Yes MB, try plugging in the remote and see if that switch works better.


----------



## mb323323 (Aug 1, 2006)

So yes GT and Mole, I did plug in the remote and at first it didn't work. I juggled around the plug and got it to turn on. Since I wanted to use the light before the new one came in I didn't try the program mode as I didn't want to disturb the levels I set. As it turned out it didn't matter as it was wacky on the trail anyhow. When I get some time I'll try to use the program mode w/ the remote and see how that works. For now tho the new one works fine and I can't wait to get it out and ride w/ it. Prolly Wed eve.


----------



## andychrist (Aug 25, 2011)

Received my XP3 yesterday evening and the lamp itself seems to be top notch so far. Unfortunately the battery pack that came with it has a faulty cable — when flexed around its female connector the circuit gets interrupted so have to fiddle with it to charge and there’s no guarantee it will even go/stay on during a ride. Fortunately I have some spare packs that work fine with the lamp and even ordered a couple new ones from KD. But the package’s overall value is obviously quite diminished by this flaw, had been looking forward to using it all as is. 


----------



## MRMOLE (May 31, 2011)

andychrist said:


> Received my XP3 yesterday evening and the lamp itself seems to be top notch so far. Unfortunately the battery pack that came with it has a faulty cable - when flexed around its female connector the circuit gets interrupted so have to fiddle with it to charge and there's no guarantee it will even go/stay on during a ride. Fortunately I have some spare packs that work fine with the lamp and even ordered a couple new ones from KD. But the package's overall value is obviously quite diminished by this flaw, had been looking forward to using it all as is. 


Judging from how Ituo has taken care of any problems recently if you contact them ([email protected]) they will make this right.
Mole


----------



## Cat-man-do (May 16, 2004)

andychrist said:


> Received my XP3 yesterday evening and the lamp itself seems to be top notch so far. Unfortunately the battery pack that came with it has a faulty cable - when flexed around its female connector the circuit gets interrupted so have to fiddle with it to charge and there's no guarantee it will even go/stay on during a ride. Fortunately I have some spare packs that work fine with the lamp and even ordered a couple new ones from KD. But the package's overall value is obviously quite diminished by this flaw, had been looking forward to using it all as is. 


I agree with MRM. I would recommend first making a video showing how the lamp goes out when you flex the battery cable. If this is truly the problem it should also be easy to demonstrate. Be sure to show taking the battery out of the battery bag so they can see it's their battery that has the fault. Then if you want you can also show how your own battery works fine. Of course if your battery looks identical to the ITUO then you might skip showing how yours works.

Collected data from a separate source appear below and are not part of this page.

Lemma sect_curv_rot s t : in_I a b s -> sect_curv x z s t = rot_curvature x z s.
Proof.
  intros Hs. profile_facts P s Hs. pose proof (profile_unit_speed P s Hs).
  assert (x s <> 0) by lra.
  assert (Htt : forall u t, in_I a b u ->
            nab_t x z (psi_t x z) u t = rot_comb x z u t (- (x u * Derive x u)) 0).
  { intros u t' Hu. rewrite (nab_t_rot_comb _ 0 1); auto using psi_t_comb.
    f_equal; unfold Rdiv; ring. }
  assert (Hst : forall u t, in_I a b u ->
            nab_s x z (psi_t x z) u t = rot_comb x z u t 0 (Derive x u / x u)).
  { intros u t' Hu. rewrite (nab_s_rot_comb _ (fun _ => 0) (fun _ => 1)); auto using psi_t_comb.
    - rewrite !Derive_const. f_equal; unfold Rdiv; ring.
    - apply ex_derive_const. - apply ex_derive_const. }
  assert (Hss : forall u t, in_I a b u ->
            nab_s x z (psi_s x z) u t = rot_comb x z u t (Derive z u) 0).
  { intros u t' Hu. rewrite (nab_s_rot_comb _ (fun _ => 1) (fun _ => 0)); auto using psi_s_comb.
    - rewrite !Derive_const. f_equal; unfold Rdiv; ring.
    - apply ex_derive_const. - apply ex_derive_const. }
  assert (Hts : forall u t, in_I a b u ->
            nab_t x z (psi_s x z) u t = rot_comb x z u t 0 (Derive x u / x u + Derive z u)).
  { intros u t' Hu. rewrite (nab_t_rot_comb _ 1 0); auto using psi_s_comb.
    f_equal; unfold Rdiv; ring. }
  assert (D1 : is_derive (fun u => - (x u * Derive x u)) s
                 (- (Derive x s * Derive x s + x s * Derive (Derive x) s))).
  { auto_derive; auto. eta_reduce. ring. }
  assert (D2 : is_derive (fun u => Derive x u / x u + Derive z u) s
                 ((Derive (Derive x) s * x s - Derive x s * Derive x s) / x s ^ 2
                  + Derive (Derive z) s)).
  { auto_derive; auto. eta_reduce. field. auto. }
  unfold sect_curv, curvST, curvTS.
  rewrite (nab_s_rot_comb _ _ _ s t Hs (ex_intro _ _ D1) (ex_derive_const _ _) (fun u => Htt u t)),
    (nab_t_rot_comb _ _ _ s t Hs (fun u => Hst s u Hs)),
    (nab_t_rot_comb _ _ _ s t Hs (fun u => Hss s u Hs)),
    (nab_s_rot_comb _ _ _ s t Hs (ex_derive_const _ _) (ex_intro _ _ D2) (fun u => Hts u t)),
    !rot_comb_sub, !psi_s_rot, !psi_t_rot, dot_rot_comb_s, dot_rot_comb_t,
    dot_rot_s_s, dot_rot_t_t, (is_derive_unique _ _ _ D1), (is_derive_unique _ _ _ D2)
    by auto.
  unfold rot_curvature. field. auto.
Qed.
From Stdlib Require Import Reals Lra FunctionalExtensionality.
From mathcomp Require Import all_boot.
Set Implicit Arguments. Unset Strict Implicit. Unset Printing Implicit Defensive.

(* The k-th coordinate of m^E_G(p) vanishes iff p identifies the two ends of
   E_k, so the zero patterns of points of M^E_{d,G} only see which edges a
   configuration collapses. A cycle-supported set S is exactly a circuit of
   these zero patterns: collapsing all edges of a cycle but one collapses the
   last one too, while for k != k' in S the two-valued configuration that cuts
   the path S \ {k'} at k collapses every edge of S except k and k'.
   Conversely, if S is such a circuit, colouring vertices by reachability in
   S \ {k} shows that the ends of E_k are joined inside S \ {k}; a shortest
   such path closes up with E_k into a simple cycle, which must use all of S.
   The description refers only to the set M^E_{d,G}, whence the theorem. *)

Section ZipRot.
Variables (A B : Type).

Lemma zip_take n (s : seq A) (t : seq B) : zip (take n s) (take n t) = take n (zip s t).
Proof. by elim: n s t => [|n IH] [|a s] [|b t] //=; rewrite ?IH //; case: take. Qed.

Lemma zip_drop n (s : seq A) (t : seq B) : zip (drop n s) (drop n t) = drop n (zip s t).
Proof. by elim: n s t => [|n IH] [|a s] [|b t] //=; case: drop. Qed.

Lemma zip_rot n (s : seq A) (t : seq B) :
  size s = size t -> zip (rot n s) (rot n t) = rot n (zip s t).
Proof. by move=> eq_st; rewrite /rot zip_cat ?size_drop ?eq_st // zip_drop zip_take. Qed.

End ZipRot.

Section CycleEdges.
Variable V : eqType.
Implicit Types (x y a b : V) (s c P : seq V).

Definition path_edges s := zip s (behead s).

Definition cycle_edges c := zip c (rot 1 c).

Lemma mem_path_edges s a b : (a, b) \in path_edges s -> (a \in s) && (b \in s).
Proof.
case: s => [|x s] //=; elim: s x => [|y s IH] x //=.
rewrite inE => /orP[/eqP[-> ->] | /IH /andP[ha hb]]; first by rewrite !inE !eqxx orbT.
by rewrite ha orbT in_cons hb orbT.
Qed.

Lemma cycle_edges_cons x P :
  cycle_edges (x :: P) = rcons (path_edges (x :: P)) (last x P, x).
Proof.
rewrite /cycle_edges /path_edges rot1_cons /=.
by elim: P {1 3 4}x => //= y P IH z; rewrite IH.
Qed.

Lemma cycle_edges_rot n c : cycle_edges (rot n c) = rot n (cycle_edges c).
Proof. by rewrite /cycle_edges rot_rot zip_rot ?size_rot. Qed.

Lemma cycle_edges_rot_closing c pr : pr \in cycle_edges c ->
  exists x P, [/\ uniq (x :: P) = uniq c, size (x :: P) = size c,
    cycle_edges (x :: P) =i cycle_edges c & pr = (last x P, x)].
Proof.
case/rot_to => i rest eq_rot.
have eq_edges : cycle_edges (rot 1 (rot i c)) = rcons rest pr.
  by rewrite !cycle_edges_rot eq_rot rot1_cons.
case def_c: (rot 1 (rot i c)) eq_edges => [|x P].
  by move/(congr1 size); rewrite size_rcons.
rewrite cycle_edges_cons => /rcons_inj[_ <-].
exists x, P; rewrite -def_c !rot_uniq !size_rot; split => // q.
by rewrite !cycle_edges_rot !mem_rot.
Qed.

Lemma path_edges_index s a b :
  uniq s -> (a, b) \in path_edges s -> index b s = (index a s).+1.
Proof.
case: s => [|x s] //; elim: s x => [|y s IH] x // /andP[xNys uys].
have x_neq v : v \in y :: s -> (x == v) = false.
  by move=> hv; apply: contraNF xNys => /eqP ->.
rewrite /path_edges /= inE => /orP[/eqP[-> ->] | ab_s].
  by rewrite eqxx x_neq ?mem_head //= eqxx.
have /andP[ha hb] := mem_path_edges ab_s.
by rewrite /= !x_neq // -(IH y uys ab_s).
Qed.
(* Let $k$ be an algebraically closed field of characteristic $0$. For every $\mu\in k$, every integer $m\ge2$, every $s\ge0$, integers $m_1,\dots,m_s\ge1$ and $\lambda_1,\dots,\lambda_s\in k^\times$, there exists a $k$-valued pseudocharacter $\alpha$ of $\mathrm{Cob}_2$ with $$Z_\alpha(T)=\mu+mT+\sum_{i=1}^s\frac{m_i\lambda_i^{-1}}{1-\lambda_iT}.$$
   Context: $\mathrm{Cob}_2$ is the rigid symmetric monoidal category of oriented two-dimensional cobordisms between closed oriented one-manifolds, with unit the empty manifold $\emptyset$. An evaluation is a monoid homomorphism $\alpha:\mathrm{End}_{\mathrm{Cob}_2}(\emptyset)\to k$ ($\alpha(\emptyset)=1$, multiplicative on disjoint unions); it is determined by $\alpha_g:=\alpha(S_g)$, $S_g$ the closed connected oriented genus-$g$ surface, and $Z_\alpha(T)=\sum_{g\ge0}\alpha_gT^g$ (rational functions identified with their expansions at $T=0$). Extend $\alpha$ linearly. For an object $N$ and $n\ge1$, $e^-_{N,n}=\sum_{\sigma\in S_n}\mathrm{sgn}(\sigma)\sigma\in k\,\mathrm{End}(N^{\sqcup n})$ via permutation cobordisms; $\mathrm{cl}(f)$ denotes the closure (categorical trace) of an endomorphism $f$. $\deg_\alpha(N)$ is the least $d\ge0$ with $\alpha(\mathrm{cl}(h\circ e^-_{N,d+1}))=0$ for all $h\in\mathrm{End}_{\mathrm{Cob}_2}(N^{\sqcup(d+1)})$ ($\infty$ if none); $\alpha$ is a pseudocharacter of $\mathrm{Cob}_2$ if $\deg_\alpha(N)<\infty$ for every object $N$. *)

From HB Require Import structures.
From mathcomp Require Import all_boot all_order all_algebra all_fingroup.
Set Implicit Arguments. Unset Strict Implicit. Unset Printing Implicit Defensive.
Import GRing.Theory.
Local Open Scope ring_scope.

(* An endomorphism h of a disjoint union of circles indexed by a finite type I
   is (up to diffeomorphism rel boundary) given by:
   - c connected components, indexed by 'I_c,
   - a genus  gen x  for each component x,
   - for each input circle i the component  inp i  containing it,
   - for each output circle j the component outp j containing it.
   (Components hit by no boundary circle are closed components of h.)

   Precomposing with the permutation cobordism of tau (input i joined to
   output tau i) and closing up glues output j of h to input (tau j) of h.
   The resulting closed surface has one connected component per class of the
   equivalence relation generated by the gluing edges, and a class B with
   e_B gluing edges has genus  sum_{x in B} gen x + e_B - #|B| + 1  (Euler
   characteristic). *)

Definition glue_rel (I : finType) (c : nat) (inp outp : I -> 'I_c)
  (tau : I -> I) : rel 'I_c :=
  fun x y => [exists j, ((outp j == x) && (inp (tau j) == y))
                     || ((outp j == y) && (inp (tau j) == x))].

Now if you really want to get fancy with the video get some cue cards or edit with text translated into Chinese. I bet they'd like that.


----------



## mb323323 (Aug 1, 2006)

Yes, they had me do a vid but I just spoke English and they seemed fine w/ it however, I wouldn't have had to say anything as the click sound of the switch and it's faulty operation was very easy to hear and see. They did take care of me and the new light works great and has had no issues what so ever. 

I gotta say they do get piping hot on hi. Gonna have to order a Vanc mount. For now I've reset hi to 90% and it's better. Last nite fooling around the trail I used 100% and even coming down the hill at about 50 degrees it was pretty dang hot. I used it the same way similar d/h last nite and dropping it 10% made a pretty good difference. It was a bit of a surprise to me as I didn't think there would be any difference.

I'm curious what new lights they are designing now.


----------



## andychrist (Aug 25, 2011)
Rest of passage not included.